My understanding of things is

  • When using generators and model.fit_generator() all your training cases DO NOT need to fit in memory (GPU or system memory). Data from an entire training batch DOES need to fit in memory.
  • All the weights of your model do need to fit in GPU memory at the time of training.
  • With generators you can keep your batch size fixed but include more training cases and not use up more memory (GPU or CPU) when training your models.

Please correct me if I’ve got any of this this wrong.

If you are using batches then I don’t think the result needs to be stored. That is the whole point of batches. We can scale to any level on the machine. Will just take more time.

If you are using linux then you can install a handy utility called htop. It let’s you see the memory/CPU usage.

Before you start the training run htop and see whether the memory is already being consumed. Maybe your memory is already being used by some object which you create earlier in your notebook? As your process runs see if there is anything unusual with memory usage - spikes maybe? May help correlate the changes in memory with your code execution.

Looking at the documentation seems the problem is with the predict_generator method. This method is for generating predictions from input (which are generated from batches). So the input is in batches but the output is not.

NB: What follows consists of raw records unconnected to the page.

(* Let $\mathfrak{A}$ be a $(\circ,\wedge,\mathsf{A})$-algebra and $\theta$ a representation of $\mathfrak{A}$ by partial functions. If $\theta$ is meet complete, then $\theta$ is join complete.
   Context: A $(\circ,\wedge,\mathsf{A})$-algebra is a set with two binary operations $\circ,\wedge$ and one unary operation $\mathsf{A}$. An algebra of partial functions of this signature is a set of partial functions, with base $X$ the union of all their domains and ranges, closed under: composition $f\circ g=\{(x,z)\mid \exists y\,(x,y)\in f,(y,z)\in g\}$; intersection; antidomain $\mathsf{A}(f)=\{(x,x)\mid x\in X, x\notin\mathrm{dom}(f)\}$. A representation by partial functions is an isomorphism onto such an algebra. The order on $\mathfrak{A}$ is $a\le b\iff a\wedge b=a$. A representation $\theta$ is meet complete if for every nonempty $S\subseteq\mathfrak{A}$ such that $\bigwedge S$ exists, $\theta(\bigwedge S)=\bigcap\theta[S]$; it is join complete if for every $S\subseteq\mathfrak{A}$ such that $\bigvee S$ exists, $\theta(\bigvee S)=\bigcup\theta[S]$. *)

Record CMAAlg := {
  carrier :> Type;
  comp : carrier -> carrier -> carrier;
  meet : carrier -> carrier -> carrier;
  antidom : carrier -> carrier
}.

Definition functional {X : Type} (R : X -> X -> Prop) : Prop :=
  forall x y z, R x y -> R x z -> y = z.

Definition rel_eq {X : Type} (R S : X -> X -> Prop) : Prop :=
  forall x y, R x y <-> S x y.

(** theta : A -> partial functions on the base X is a representation by partial
    functions: each theta a is a partial function, theta is injective, X is the
    union of all domains and ranges, and theta is a homomorphism for
    composition (diagrammatic: first f then g), intersection and antidomain. *)
Definition is_pfun_representation (A : CMAAlg) {X : Type}
  (theta : A -> X -> X -> Prop) : Prop :=
  (forall a, functional (theta a)) /\
  (forall a b, rel_eq (theta a) (theta b) -> a = b) /\
  (forall x : X, exists a, (exists y, theta a x y) \/ (exists y, theta a y x)) /\
  (forall a b, rel_eq (theta (comp A a b))
                      (fun x z => exists y, theta a x y /\ theta b y z)) /\
  (forall a b, rel_eq (theta (meet A a b))
                      (fun x y => theta a x y /\ theta b x y)) /\
  (forall a, rel_eq (theta (antidom A a))
                    (fun x y => x = y /\ ~ (exists z, theta a x z))).

Definition alg_le (A : CMAAlg) (a b : A) : Prop := meet A a b = a.

Definition is_glb (A : CMAAlg) (S : A -> Prop) (m : A) : Prop :=
  (forall s, S s -> alg_le A m s) /\
  (forall l, (forall s, S s -> alg_le A l s) -> alg_le A l m).

Definition is_lub (A : CMAAlg) (S : A -> Prop) (j : A) : Prop :=
  (forall s, S s -> alg_le A s j) /\
  (forall u, (forall s, S s -> alg_le A s u) -> alg_le A j u).

Definition meet_complete (A : CMAAlg) {X : Type} (theta : A -> X -> X -> Prop)
  : Prop :=
  forall (S : A -> Prop) (m : A), (exists s, S s) -> is_glb A S m ->
    rel_eq (theta m) (fun x y => forall s, S s -> theta s x y).

Definition join_complete (A : CMAAlg) {X : Type} (theta : A -> X -> X -> Prop)
  : Prop :=
  forall (S : A -> Prop) (j : A), is_lub A S j ->
    rel_eq (theta j) (fun x y => exists s, S s /\ theta s x y).

(** If [j] is the join of [S] and some pair [(x,y)] of [theta j] lies in no
    [theta s], then, [theta j] being functional, [x] lies outside the domain of
    every [s].  Restricting [j] away from the domain of each [s] gives a family
    whose meet is the empty element: a lower bound [l] has a domain disjoint
    from every [s], so [A(l);j] is an upper bound of [S], whence [l <= j <= A(l);j]
    forces [l] to be empty.  Meet completeness then puts [(x,y)] in the empty
    relation. *)

From Stdlib Require Import Classical.

Section PartialFunctionRepresentation.

Variables (A : CMAAlg) (X : Type) (theta : A -> X -> X -> Prop).
Hypothesis theta_repr : is_pfun_representation A theta.

Lemma alg_le_theta (a b : A) :
  alg_le A a b <-> (forall x y, theta a x y -> theta b x y).
Proof.
  destruct theta_repr as (_ & theta_inj & _ & _ & theta_meet & _).
  unfold rel_eq in theta_meet. split.
  - intros Hab x y Hxy. unfold alg_le in Hab. rewrite <- Hab in Hxy.
    apply theta_meet in Hxy. tauto.
  - intros Hsub. apply theta_inj. intros x y. rewrite theta_meet.
    split; [tauto | auto].
Qed.

Lemma theta_mono (a b : A) (x y : X) :
  alg_le A a b -> theta a x y -> theta b x y.
Proof. intros Hab. now apply alg_le_theta. Qed.

Lemma theta_restrict (a b : A) (x y : X) :
  theta (comp A (antidom A a) b) x y <-> theta b x y /\ ~ (exists z, theta a x z).
Proof.
  destruct theta_repr as (_ & _ & _ & theta_comp & _ & theta_antidom).
  unfold rel_eq in theta_comp, theta_antidom. rewrite theta_comp. split.
  - intros [w [Haw Hbw]]. apply theta_antidom in Haw. destruct Haw as [<- Hdom].
    auto.
  - intros [Hb Hdom]. exists x. split; auto. apply theta_antidom. auto.
Qed.

Lemma theta_restrict_self (a : A) (x y : X) :
  ~ theta (comp A (antidom A a) a) x y.
Proof.
  rewrite theta_restrict. intros [Ha Hdom]. eauto.
Qed.

Lemma empty_alg_le (m l : A) :
  (forall x y, ~ theta m x y) -> alg_le A m l.
Proof.
  intros Hm. apply alg_le_theta. intros x y Hxy. exfalso. exact (Hm x y Hxy).
Qed.

Definition restrictions_of_join (S : A -> Prop) (j : A) (c : A) : Prop :=
  c = j \/ exists s, S s /\ c = comp A (antidom A s) j.

Lemma restrictions_of_join_glb (S : A -> Prop) (j : A) :
  is_lub A S j ->
  is_glb A (restrictions_of_join S j) (comp A (antidom A j) j).
Proof.
  intros [j_ub j_least]. split.
  - intros c _. apply empty_alg_le, theta_restrict_self.
  - intros l l_lower. apply empty_alg_le. intros p q Hl.
    assert (l_le_j : alg_le A l j) by (apply l_lower; left; reflexivity).
    assert (j_le : alg_le A j (comp A (antidom A l) j)).
    { apply j_least. intros s Hs. apply alg_le_theta. intros u v Hs_uv.
      apply theta_restrict. split.
      - now apply (theta_mono s j u v (j_ub s Hs)).
      - intros [z Hl_uz].
        assert (l_le_s : alg_le A l (comp A (antidom A s) j))
          by (apply l_lower; right; eauto).
        apply (theta_mono _ _ _ _ l_le_s), theta_restrict in Hl_uz.
        destruct Hl_uz as [_ Hdom]. eauto. }
    pose proof (theta_mono _ _ _ _ j_le (theta_mono _ _ _ _ l_le_j Hl)) as Hrestr.
    apply theta_restrict in Hrestr as [_ Hdom]. eauto.
Qed.

End PartialFunctionRepresentation.

Theorem mainTheorem2 (A : CMAAlg) (X : Type) (theta : A -> X -> X -> Prop) :
  is_pfun_representation A theta ->
  meet_complete A theta -> join_complete A theta.
Proof.
  intros theta_repr theta_meet_complete S j j_lub x y. split.
  2:{ intros [s [Hs Hsxy]].
      exact (theta_mono A X theta theta_repr s j x y (proj1 j_lub s Hs) Hsxy). }
  intros Hj. apply NNPP. intros Hnone.
  apply (theta_restrict_self A X theta theta_repr j x y).
  apply (theta_meet_complete (restrictions_of_join A S j)).
  - exists j. left. reflexivity.
  - exact (restrictions_of_join_glb A X theta theta_repr S j j_lub).
  - intros c [-> | [s [Hs ->]]]; auto.
    apply (theta_restrict A X theta theta_repr). split; auto.
    intros [z Hs_xz]. apply Hnone. exists s. split; auto.
    assert (Hj_xz : theta j x z)
      by exact (theta_mono A X theta theta_repr s j x z (proj1 j_lub s Hs) Hs_xz).
    destruct theta_repr as [theta_functional _].
    now rewrite (theta_functional j x y z Hj Hj_xz).
Qed.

I believe you need to use the predict method which takes batches as input and gives batches as output.

That would explain why it worked on samples but not the whole data set.


The thing that you will have to change is probably the saving and loading the array part. Jeremy was always loading the whole array but you will have to find a way to save and load that in batches instead of the whole thing at a time.